(Items from a dataset)
BEGIN

Lemma sB_upd_ex_exb x x0 x0' xb k v v' : 1 <= k <= n ->
  sB n (Elt (upd x k v) x0 (upd xb k v')) + x k + xb k = sB n (Elt x x0' xb) + v + v'.
Proof.
rewrite -[sB n (Elt x x0' xb)]/(sB n (Elt x x0 xb)).
by move=> hk; have := sB_upd_exb (upd x k v) x0 xb k v' hk; have := sB_upd_ex x x0 xb k v hk; lia.
Qed.

Lemma sB_zeroE : sB n zeroE = 0.
Proof. by rewrite /sB big1. Qed.

Lemma ex_le_sB b k : 1 <= k <= n -> ex b k <= sB n b.
Proof. by case: b => x x0 xb /= hk; have := sB_upd_ex x x0 xb k 0 hk; lia. Qed.

Lemma f_raw0_ex b : exb b 1 <= ex b 1 ->
  f_raw n 0 b = (true, Elt (upd (ex b) 1 (ex b 1).+1) (ex0 b) (exb b)).
Proof. by move=> h; rewrite /f_raw /= h. Qed.

Lemma f_raw0_exb b : ex b 1 < exb b 1 ->
  f_raw n 0 b = (0 < exb b 1, Elt (ex b) (ex0 b) (upd (exb b) 1 (exb b 1).-1)).
Proof. by move=> h; rewrite /f_raw /= leqNgt h. Qed.

Lemma f_raw_ex i b : 0 < i < n -> exb b i.+1 <= ex b i.+1 ->
  f_raw n i b =
  (0 < ex b i, Elt (upd (upd (ex b) i (ex b i).-1) i.+1 (ex b i.+1).+1) (ex0 b) (exb b)).
Proof. by move=> /andP[/gtn_eqF i0 in_] h; rewrite /f_raw /= i0 in_ h. Qed.

Lemma f_raw_exb i b : 0 < i < n -> ex b i.+1 < exb b i.+1 ->
  f_raw n i b = (0 < exb b i.+1,
    Elt (ex b) (ex0 b) (upd (upd (exb b) i.+1 (exb b i.+1).-1) i (exb b i).+1)).
Proof. by move=> /andP[/gtn_eqF i0 in_] h; rewrite /f_raw /= i0 in_ leqNgt h. Qed.

Lemma f_rawn_ex b : ex0 b = 0 ->
  f_raw n n b = (0 < ex b n, Elt (upd (ex b) n (ex b n).-1) 1 (exb b)).
Proof. by move=> h; rewrite /f_raw /= gtn_eqF // ltnn eqxx h. Qed.

Lemma f_rawn_exb b : ex0 b = 1 ->
  f_raw n n b = (true, Elt (ex b) 0 (upd (exb b) n (exb b n).+1)).
Proof. by move=> h; rewrite /f_raw /= gtn_eqF // ltnn eqxx h. Qed.

Lemma ft_Some i b b' : (f_raw n i b).1 -> (f_raw n i b).2 = b' ->
  ex0 b' <= 1 -> ex0 b' + sB n b' <= l -> ft n l i b = Some b'.
Proof. by rewrite /ft; case: f_raw => [[] c] //= _ <- -> ->. Qed.

Lemma ftP i b b' : ft n l i b = Some b' ->
  [/\ f_raw n i b = (true, b'), ex0 b' <= 1 & ex0 b' + sB n b' <= l].
Proof. by rewrite /ft; case: f_raw => [[] c] //=; case: ifP => // /andP[? ?] [<-]. Qed.

Lemma fpow_add i k k' c :
  fpow n l i (k + k') c = obind (fpow n l i k') (fpow n l i k c).
Proof. by elim: k' => [|k' IH]; rewrite ?addn0 ?addnS /= ?IH; case: fpow. Qed.

Lemma fpow_chain i m (g : nat -> elt) :
  (forall k, k < m -> ft n l i (g k) = Some (g k.+1)) -> fpow n l i m (g 0) = Some (g m).
Proof.
elim: m => [//|m IH] step /=.
by rewrite IH => [|k /ltnW]; [exact: step | exact: step].
Qed.

Lemma fpow0_ex k x x0 xb : xb 1 <= x 1 -> x0 <= 1 -> x0 + sB n (Elt x x0 xb) + k <= l ->
  fpow n l 0 k (Elt x x0 xb) = Some (Elt (upd x 1 (x 1 + k)) x0 xb).
Proof.
move=> hx hx0 hs; have := @fpow_chain 0 k (fun m => Elt (upd x 1 (x 1 + m)) x0 xb).
rewrite /= addn0 upd_id => -> // m mk.
have hsm := sB_upd_ex x x0 xb 1 (x 1 + m.+1) (ltac:(lia)).
by apply: ft_Some => /=; rewrite ?f_raw0_ex /= ?upd_same ?upd_upd -?addnS //; lia.
Qed.

Lemma fpow0_exb k x x0 xb : x 1 + k <= xb 1 -> x0 <= 1 -> x0 + sB n (Elt x x0 xb) <= l ->
  fpow n l 0 k (Elt x x0 xb) = Some (Elt x x0 (upd xb 1 (xb 1 - k))).
Proof.
move=> hx hx0 hs; have := @fpow_chain 0 k (fun m => Elt x x0 (upd xb 1 (xb 1 - m))).
rewrite /= subn0 upd_id => -> // m mk.
have hsm := sB_upd_exb x x0 xb 1 (xb 1 - m.+1) (ltac:(lia)).
by apply: ft_Some => /=; rewrite ?f_raw0_exb /= ?upd_same ?upd_upd -?subnS //; lia.
Qed.

Lemma fpow_ex i k x x0 xb : 0 < i < n -> xb i.+1 <= x i.+1 -> k <= x i ->
  x0 <= 1 -> x0 + sB n (Elt x x0 xb) <= l ->
  fpow n l i k (Elt x x0 xb) =
  Some (Elt (upd (upd x i (x i - k)) i.+1 (x i.+1 + k)) x0 xb).
Proof.
move=> hi hx hk hx0 hs.
have := @fpow_chain i k (fun m => Elt (upd (upd x i (x i - m)) i.+1 (x i.+1 + m)) x0 xb).
rewrite /= subn0 addn0 !upd_id => -> // m mk.
have hsm := sB_upd_ex2 x x0 xb i i.+1 (x i - m.+1) (x i.+1 + m.+1)
  (ltac:(lia)) (ltac:(lia)) (ltac:(lia)).
by apply: ft_Some => /=; rewrite ?f_raw_ex /=; lia || elt_lia || upd_lia.
Qed.

Lemma fpow_exb i k x x0 xb : 0 < i < n -> x i.+1 + k <= xb i.+1 ->
  x0 <= 1 -> x0 + sB n (Elt x x0 xb) <= l ->
  fpow n l i k (Elt x x0 xb) =
  Some (Elt x x0 (upd (upd xb i.+1 (xb i.+1 - k)) i (xb i + k))).
Proof.
move=> hi hx hx0 hs.
have := @fpow_chain i k (fun m => Elt x x0 (upd (upd xb i.+1 (xb i.+1 - m)) i (xb i + m))).
rewrite /= subn0 addn0 !upd_id => -> // m mk.
have hsm := sB_upd_exb2 x x0 xb i.+1 i (xb i.+1 - m.+1) (xb i + m.+1)
  (ltac:(lia)) (ltac:(lia)) (ltac:(lia)).
by apply: ft_Some => /=; rewrite ?f_raw_exb /=; lia || elt_lia || upd_lia.
Qed.

Lemma fpown k x xb : k <= (x n).*2 -> sB n (Elt x 0 xb) <= l ->
  fpow n l n k (Elt x 0 xb) =
  Some (Elt (upd x n (x n - uphalf k)) (odd k) (upd xb n (xb n + k./2))).
Proof.
move=> hk hs.
have := @fpow_chain n k (fun m => Elt (upd x n (x n - uphalf m)) (odd m) (upd xb n (xb n + m./2))).
rewrite /= subn0 addn0 !upd_id => -> // m mk.
have hsm := sB_upd_ex_exb x (odd m.+1) 0 xb n (x n - uphalf m.+1) (xb n + m.+1./2) (ltac:(lia)).
have [om|om] := boolP (odd m); move: hsm; rewrite /= ?om ?(negbTE om) /= => hsm.
- by apply: ft_Some => /=; rewrite ?f_rawn_exb /= ?om; lia || elt_lia || upd_lia.
- by apply: ft_Some => /=; rewrite ?f_rawn_ex /= ?(negbTE om); lia || elt_lia || upd_lia.
Qed.

Lemma ft_frame i c b j : ft n l i c = Some b ->
  j = 0 \/ n < j \/ (j != i /\ j != i.+1) -> ex b j = ex c j /\ exb b j = exb c j.
Proof.
case/ftP=> + _ _ hj; case: c => x x0 xb.
by rewrite /f_raw /=; repeat case: ifP => ?; move/(congr1 snd) => /= <-; split; upd_lia.
Qed.

Lemma ft_ex_branch i c b : i < n -> exb c i.+1 <= ex c i.+1 -> ft n l i c = Some b ->
  ex0 b = ex0 c /\ exb b = exb c.
Proof.
move=> hi h /ftP[+ _ _]; case: (posnP i) h => [->|i0] h.
  by rewrite f_raw0_ex // => /(congr1 snd) /= <-.
by rewrite f_raw_ex ?i0 // => /(congr1 snd) /= <-.
Qed.

Lemma fpow_closed i (Q : elt -> Prop) k c b :
  (forall c b, Q c -> ft n l i c = Some b -> Q b) ->
  Q c -> fpow n l i k c = Some b -> Q b.
Proof.
move=> hQ Qc; elim: k b => [b [<-] //|k IH b] /=.
by case E: fpow => [d|//]; apply: hQ; exact: IH.
Qed.

Lemma inB_zeroE : inB n l zeroE.
Proof. by split => //=; rewrite sB_zeroE. Qed.

Definition Bx a b :=
  inB n l b /\ (forall i, a < i -> ex b i = 0) /\ ex0 b = 0 /\ (forall i, exb b i = 0).

Definition Bxb a b := inB n l b /\ (forall i, i < n - a + 1 -> exb b i = 0).

Lemma Bx0 b : Bx 0 b <-> b = zeroE.
Proof.
split=> [[[_ hz _] [hx [h0 hxb]]] | ->]; last by split; [exact: inB_zeroE | split].
apply: elt_ext => // i; case: (posnP i) => [->|/hx //]; by case: (hz 0).
Qed.

Lemma Bx_ft a c b : a < n -> Bx a.+1 c -> ft n l a c = Some b -> Bx a.+1 b.
Proof.
move=> ha [[_ hz _] [hx [hx0 hxb]]] hf.
have [_ hb0 hbs] := ftP _ _ _ hf.
have [eb0 ebxb] := ft_ex_branch a c b ha (ltac:(by rewrite hxb)) hf.
split; [split|split; [|split]] => //.
- move=> i hi; have [-> ->] := ft_frame _ _ _ i hf (ltac:(move: hi => /orP; lia)); exact: hz.
- by move=> i hi; have [-> _] := ft_frame _ _ _ i hf (ltac:(lia)); exact: hx.
- by rewrite eb0.
- by move=> i; rewrite ebxb.
Qed.

Lemma Bxb_ft a c b : 0 < a <= n -> Bxb a c -> ft n l (n - a + 1) c = Some b -> Bxb a b.
Proof.
move=> ha [[_ hz _] hxb] hf.
have [_ hb0 hbs] := ftP _ _ _ hf.
split; [split|] => //.
- move=> i hi; have [-> ->] := ft_frame _ _ _ i hf (ltac:(move: hi => /orP; lia)); exact: hz.
- by move=> i hi; have [_ ->] := ft_frame _ _ _ i hf (ltac:(lia)); exact: hxb.
Qed.

Lemma Bx_reach a b : a < n -> Bx a.+1 b ->
  exists2 c, Bx a c & exists k, fpow n l a k c = Some b.
Proof.
case: b => x x0 xb ha [[_ hz hs] [/= hx [/= x00 hxb]]]; subst x0.
have {hxb} exb0 : xb = zerof by apply: functional_extensionality.
subst xb; have x_0 : x 0 = 0 by case: (hz 0).
case: (posnP a) => [a0|a_gt0].
  subst a; exists zeroE; first exact/Bx0.
  have := ex_le_sB (Elt x 0 zerof) 1 (ltac:(lia)); rewrite /= => x1_le.
  exists (x 1); rewrite /zeroE fpow0_ex //= ?sB_zeroE; last by lia.
  congr Some; apply: elt_ext => // i /=.
  by case: (posnP i) => [->|i_gt0]; [rewrite x_0 | have := hx i; upd_lia].
pose c := Elt (upd (upd x a (x a + x a.+1)) a.+1 0) 0 zerof.
have hsc := sB_upd_ex2 x 0 zerof a a.+1 (x a + x a.+1) 0 (ltac:(lia)) (ltac:(lia)) (ltac:(lia)).
exists c.
  split; [split|split; [|split]] => //=.
  - by move=> i hi; move: (hz i hi) => /= [hzi _]; split => //; upd_lia.
  - by rewrite /c; lia.
  - by move=> i hi; have := hx i; upd_lia.
exists (x a.+1); rewrite fpow_ex //=; try upd_lia; last by rewrite /c in hsc; lia.
by congr Some; apply: elt_ext => // i /=; upd_lia.
Qed.

Lemma Bxb1_reach b : Bxb 1 b -> exists2 c, Bx n c & exists k, fpow n l n k c = Some b.
Proof.
case: b => x x0 xb [[/= hx0 hz hs] /= hxb].
pose c := Elt (upd x n (x n + xb n + x0)) 0 (upd xb n 0).
have hsc := sB_upd_ex_exb x 0 x0 xb n (x n + xb n + x0) 0 (ltac:(lia)).
exists c.
  split; [split|split; [|split]] => //=.
  - by move=> i hi; move: (hz i hi) => /= [hzi hzbi]; split; upd_lia.
  - by rewrite /c; lia.
  - by move=> i hi; move: (hz i (ltac:(lia))) => /= [hzi _]; upd_lia.
  - by move=> i; have := hxb i; move: (hz i); rewrite /=; upd_lia.
exists ((xb n).*2 + x0); rewrite fpown /=; first last.
- by rewrite /c in hsc; lia.
- by upd_lia.
by congr Some; apply: elt_ext => [i||i] /=; upd_lia.
Qed.
Lemma dotr_fm_row_pair p n x : opposite_leads p n ->
  dotr (fm_row (inr (p, n))) x =
  - fm_lead n * dotr (fm_tail p) x + fm_lead p * dotr (fm_tail n) x.
Proof.
move=> pn; rewrite /dotr !mulr_sumr -big_split; apply: eq_bigr => i _.
by rewrite /fm_row fm_combE pn mulrDl !mulrA.
Qed.

Lemma dotr_lift (x : 'I_k -> F) t j :
  dotr (v j) (fun i => if unlift ord0 i is Some i' then x i' else t) =
  fm_lead j * t + dotr (fm_tail j) x.
Proof.
rewrite /dotr big_ord_recl unlift_none; congr (_ + _).
by apply: eq_bigr => i _; rewrite liftK.
Qed.

Lemma fm_pair_vanishing_comb p n : opposite_leads p n ->
  (forall i, fm_row (inr (p, n)) i = 0) -> vanishing_comb v (fm_coef (inr (p, n))).
Proof.
move=> pn rows0; split; first exact: fm_coef_ge0.
  by move=> i; case: (unliftP ord0 i) => [i' ->|->]; [exact: rows0 | exact: fm_comb_lead].
exists p; first exact: fm_coef_pair_gt0.
by exists ord0; have /andP[lp _] := pn; rewrite gt_eqF.
Qed.

Lemma fm_lift_vanishing_comb mu : vanishing_comb fm_row mu ->
  vanishing_comb v (fun j => \sum_idx mu idx * fm_coef idx j).
Proof.
case=> mu_ge0 mu_sum [idx mu_gt0 [i row_nz]].
have lam_ge0 j : 0 <= \sum_idx mu idx * fm_coef idx j.
  by apply: sumr_ge0 => idx' _; rewrite mulr_ge0 ?fm_coef_ge0.
split=> // [i'|].
  under eq_bigr do rewrite mulr_suml.
  rewrite exchange_big /=.
  under eq_bigr do under eq_bigr do rewrite -mulrA.
  under eq_bigr do rewrite -mulr_sumr.
  case: (unliftP ord0 i') => [i'' ->|->]; first exact: mu_sum.
  by rewrite big1 // => idx' _; rewrite -/(fm_comb _ _) fm_comb_lead mulr0.
have [|j coef_gt0 vj] := @fm_comb_witness idx; first by exists (lift ord0 i).
exists j => //; rewrite (bigD1 idx) //=.
apply: (lt_le_trans (mulr_gt0 mu_gt0 coef_gt0)); rewrite lerDl.
by apply: sumr_ge0 => idx' _; rewrite mulr_ge0 ?fm_coef_ge0.
Qed.

Lemma fm_lift_separating_dir x : separating_dir fm_row x ->
  (forall p n, opposite_leads p n -> exists i, fm_row (inr (p, n)) i != 0) ->
  exists y, separating_dir v y.
Proof.
move=> xdir pairs_nz.
pose lo p := - dotr (fm_tail p) x / fm_lead p.
pose hi n := dotr (fm_tail n) x / - fm_lead n.
have lo_hi p n : 0 < fm_lead p -> fm_lead n < 0 -> lo p < hi n.
  move=> lp ln; have pn : opposite_leads p n by rewrite /opposite_leads lp ln.
  have := xdir _ (pairs_nz _ _ pn); rewrite dotr_fm_row_pair //.
  rewrite /lo /hi ltr_pdivrMr // mulrAC ltr_pdivlMr ?oppr_gt0 //; nra.
have [t [lo_t t_hi]] := separating_point lo_hi.
exists (fun i => if unlift ord0 i is Some i' then x i' else t) => j vj.
rewrite dotr_lift; case: (ltgtP (fm_lead j) 0) => lj.
- by move: (t_hi _ lj); rewrite /hi ltr_pdivlMr ?oppr_gt0 //; nra.
- by move: (lo_t _ lj); rewrite /lo ltr_pdivrMr //; nra.
- have tail_row : fm_tail j =1 fm_row (inl j).
    by move=> i; rewrite /fm_row fm_combE lj eqxx.
  rewrite lj mul0r add0r /dotr; under eq_bigr do rewrite tail_row.
  apply: xdir; case: vj => i; case: (unliftP ord0 i) => [i' ->|->].
    by exists i'; rewrite -tail_row.
  by rewrite -/(fm_lead j) lj eqxx.
Qed.

End FourierMotzkin.

Theorem gordan_alternative k (I : finType) (v : I -> 'I_k -> F) :
  (exists x, separating_dir v x) \/ (exists lam, vanishing_comb v lam).
Proof.
elim: k I v => [|k IH] I v.
  by left; exists (fun _ => 0) => j [[]].
case: (IH _ (fm_row v)) => [[x xdir]|[mu /fm_lift_vanishing_comb cert]]; last first.
  by right; exists (fun j => \sum_idx mu idx * fm_coef v idx j).
case: (boolP [exists pn : I * I, opposite_leads v pn.1 pn.2 &&
                                 [forall i, fm_row v (inr pn) i == 0]]).
  move=> /existsP[[p n] /andP[pn /forallP rows0]].
  by right; eexists; apply: fm_pair_vanishing_comb pn _ => i; apply/eqP.
rewrite negb_exists => /forallP pairs_nz; left; apply: (fm_lift_separating_dir xdir).
by move=> p n pn; move: (pairs_nz (p, n)); rewrite /= pn negb_forall => /existsP.
Qed.

End Gordan.

Section IntegerPoints.
Variable k : nat.
Implicit Types (u c y z : pt k) (S : pt k -> Prop).

Lemma dotz_scale u (T : int) y : dotz u (fun i => T * y i) = T * dotz u y.
Proof. by rewrite /dotz mulr_sumr; apply: eq_bigr => i _; rewrite mulrCA. Qed.

Lemma dotz_box_ge u c n z :
  box c n z -> dotz u c - n%:Z * \sum_i `|u i| <= dotz u z.
Proof.
move=> zc; suff : - (n%:Z * \sum_i `|u i|) <= \sum_i u i * (z i - c i).
  by rewrite /dotz (eq_bigr _ (fun i _ => mulrBr _ _ _)) sumrB; lra.
rewrite mulr_sumr -sumrN; apply: ler_sum => i _.
have /andP[ci zi] := zc i.
have : `|u i * (z i - c i)| <= n%:Z * `|u i|.
  by rewrite normrM [`|z i - c i|]ger0_norm ?subr_ge0 // mulrC ler_wpM2r // lerBlDl.
have := ler_norm (- (u i * (z i - c i))); rewrite normrN; lra.
Qed.

Lemma halfspaces_contain_boxes m (v : 'I_m -> pt k) (b : 'I_m -> int) y :
  (forall j, (exists i, v j i != 0) -> 0 < dotz (v j) y) ->
  (forall j, (forall i, v j i = 0) -> b j < 0) ->
  forall n, contains_box (fun z => forall j, halfspace (v j) (b j) z) n.
Proof.
move=> ydir zero_rows n.
pose slack j := `|b j| + n%:Z * \sum_i `|v j i|.
have slack_ge0 j : 0 <= slack j by rewrite addr_ge0 ?mulr_ge0 ?sumr_ge0.
pose T := 1 + \sum_j slack j.
exists (fun i => T * y i) => z zbox j; rewrite /halfspace.
case: (boolP [exists i, v j i != 0]) => [/existsP vj|].
  have slack_T : slack j + 1 <= T.
    by rewrite addrC lerD2l (bigD1 j) //= lerDl sumr_ge0.
  have T_le : T <= T * dotz (v j) y.
    by apply: ler_peMr; [rewrite addr_ge0 ?sumr_ge0 | have := ydir j vj; lia].
  have := dotz_box_ge (v j) zbox; rewrite dotz_scale.
  have := ler_norm (b j); rewrite /slack in slack_T; lra.
rewrite negb_exists => /forallP vj0.
have {}vj0 i : v j i = 0 by apply/eqP/negPn.
by rewrite /dotz big1 ?zero_rows // => i _; rewrite vj0 mul0r.
Qed.

Lemma empty_measure_zero S : (forall z, ~ S z) -> measure_zero S.
Proof. by move=> S0; exists 0%N, (fun _ _ => 0), (fun _ => 0); split=> [[]|z /S0]. Qed.

Lemma bounded_form_measure_zero S u (lo hi : int) :
  (exists i, u i <> 0) -> (forall z, S z -> lo <= dotz u z <= hi) ->
  measure_zero S.
Proof.
move=> u_nz bounded; exists (absz (hi - lo)).+1, (fun _ => u).
exists (fun j => lo + (j : nat)%:Z); split=> // z /bounded /andP[lo_z z_hi].
have lt : (absz (dotz u z - lo) < (absz (hi - lo)).+1)%N by lia.
by exists (Ordinal lt); rewrite /hyperplane /=; lia.
Qed.

Lemma vanishing_comb_upper_bound (F : archiRealFieldType) m (v : 'I_m -> pt k)
    (b : 'I_m -> int) (lam : 'I_m -> F) j0 :
  (forall j, 0 <= lam j) -> (forall i, \sum_j lam j * (v j i)%:~R = 0) ->
  0 < lam j0 ->
  exists N : int, forall z, (forall j, b j < dotz (v j) z) -> dotz (v j0) z <= N.
Proof.
move=> lam_ge0 lam_sum lam_gt0.
pose Q := - \sum_(j | j != j0) lam j * (b j)%:~R.
exists (Num.ceil (Q / lam j0)) => z zR.
have comb0 : \sum_j lam j * (dotz (v j) z)%:~R = 0.
  under eq_bigr => j _ do rewrite /dotz rmorph_sum mulr_sumr.
  rewrite exchange_big /= big1 // => i _.
  under eq_bigr do rewrite intrM mulrA.
  by rewrite -mulr_suml lam_sum mul0r.
have : lam j0 * (dotz (v j0) z)%:~R <= Q.
  move: comb0; rewrite (bigD1 j0) //= => /eqP; rewrite addr_eq0 => /eqP ->.
  rewrite lerN2; apply: ler_sum => j _; rewrite ler_wpM2l // ler_int ltW //.
rewrite -ler_pdivlMl // mulrC => bound.
by rewrite -(ler_int F) (le_trans bound) ?ceil_ge.
Qed.

End IntegerPoints.

Lemma rat_vector_scale k (x : 'I_k -> rat) :
  exists2 d : rat, 0 < d & exists y : 'I_k -> int, forall i, (y i)%:~R = d * x i.
Proof.
exists (\prod_i denq (x i))%:~R; first by rewrite ltr0z prodr_gt0.
exists (fun i => numq (x i) * \prod_(l | l != i) denq (x l)) => i.
by rewrite intrM numqE [in RHS](bigD1 i) //= intrM -mulrA mulrC.
Qed.

Lemma int_separating_dir m k (v : 'I_m -> pt k) (x : 'I_k -> rat) :
  separating_dir (fun j i => (v j i)%:~R) x ->
  exists y : pt k, forall j, (exists i, v j i != 0) -> 0 < dotz (v j) y.
Proof.
move=> xdir; have [d d_gt0 [y yx]] := rat_vector_scale x.
exists y => j [i vji]; rewrite -(ltr0z rat).
have -> : (dotz (v j) y)%:~R = d * dotr (fun i => (v j i)%:~R) x.
  rewrite /dotz /dotr rmorph_sum mulr_sumr; apply: eq_bigr => i' _.
  by rewrite rmorphM /= yx mulrCA.
by rewrite mulr_gt0 // xdir //; exists i; rewrite intr_eq0.
Qed.

Theorem lemmaB21 (k : nat) (R : pt k -> Prop) :
  polyhedral R ->
  (forall n : nat, contains_box R n) \/ measure_zero R.
Proof.
case=> [R_all|[m [v [b R_eq]]]].
  by left=> n; exists (fun _ => 0) => z _; apply: R_all.
case: (boolP [exists j, [forall i, v j i == 0] && (0 <= b j)]).
  move=> /existsP[j /andP[/forallP vj0 bj]]; right.
  apply: empty_measure_zero => z /R_eq /(_ j); rewrite /halfspace /dotz big1.
    by rewrite ltNge bj.
  by move=> i _; rewrite (eqP (vj0 i)) mul0r.
rewrite negb_exists => /forallP not_empty.
have zero_rows j : (forall i, v j i = 0) -> b j < 0.
  move=> vj0; move: (not_empty j); rewrite negb_and -ltNge.
  by have -> : [forall i, v j i == 0] by apply/forallP => i; rewrite vj0.
case: (gordan_alternative (fun j i => (v j i)%:~R : rat)).
  case=> x /int_separating_dir[y ydir]; left=> n.
  have [c box_c] := halfspaces_contain_boxes ydir zero_rows n.
  by exists c => z /box_c /R_eq.
case=> lam [lam_ge0 lam_sum [j0 lam_gt0 [i0 vi0]]]; right.
have [N upper] := vanishing_comb_upper_bound b lam_ge0 lam_sum lam_gt0.
apply: (@bounded_form_measure_zero _ _ (v j0) (b j0 + 1) N).
  by exists i0; apply/eqP; rewrite -(intr_eq0 rat).
by move=> z /R_eq zR; rewrite lezD1 zR upper.
Qed.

END

→ **Exercise brief**: Look through the entries above and quote exactly the lines from the line with "move=> hi h /ftP[+" to the line with "inB n l b /\ (forall i, a", counting both of those lines.

→ **Result for this task**:
move=> hi h /ftP[+ _ _]; case: (posnP i) h => [->|i0] h.
  by rewrite f_raw0_ex // => /(congr1 snd) /= <-.
by rewrite f_raw_ex ?i0 // => /(congr1 snd) /= <-.
Qed.

Lemma fpow_closed i (Q : elt -> Prop) k c b :
  (forall c b, Q c -> ft n l i c = Some b -> Q b) ->
  Q c -> fpow n l i k c = Some b -> Q b.
Proof.
move=> hQ Qc; elim: k b => [b [<-] //|k IH b] /=.
by case E: fpow => [d|//]; apply: hQ; exact: IH.
Qed.

Lemma inB_zeroE : inB n l zeroE.
Proof. by split => //=; rewrite sB_zeroE. Qed.

Definition Bx a b :=
  inB n l b /\ (forall i, a < i -> ex b i = 0) /\ ex0 b = 0 /\ (forall i, exb b i = 0).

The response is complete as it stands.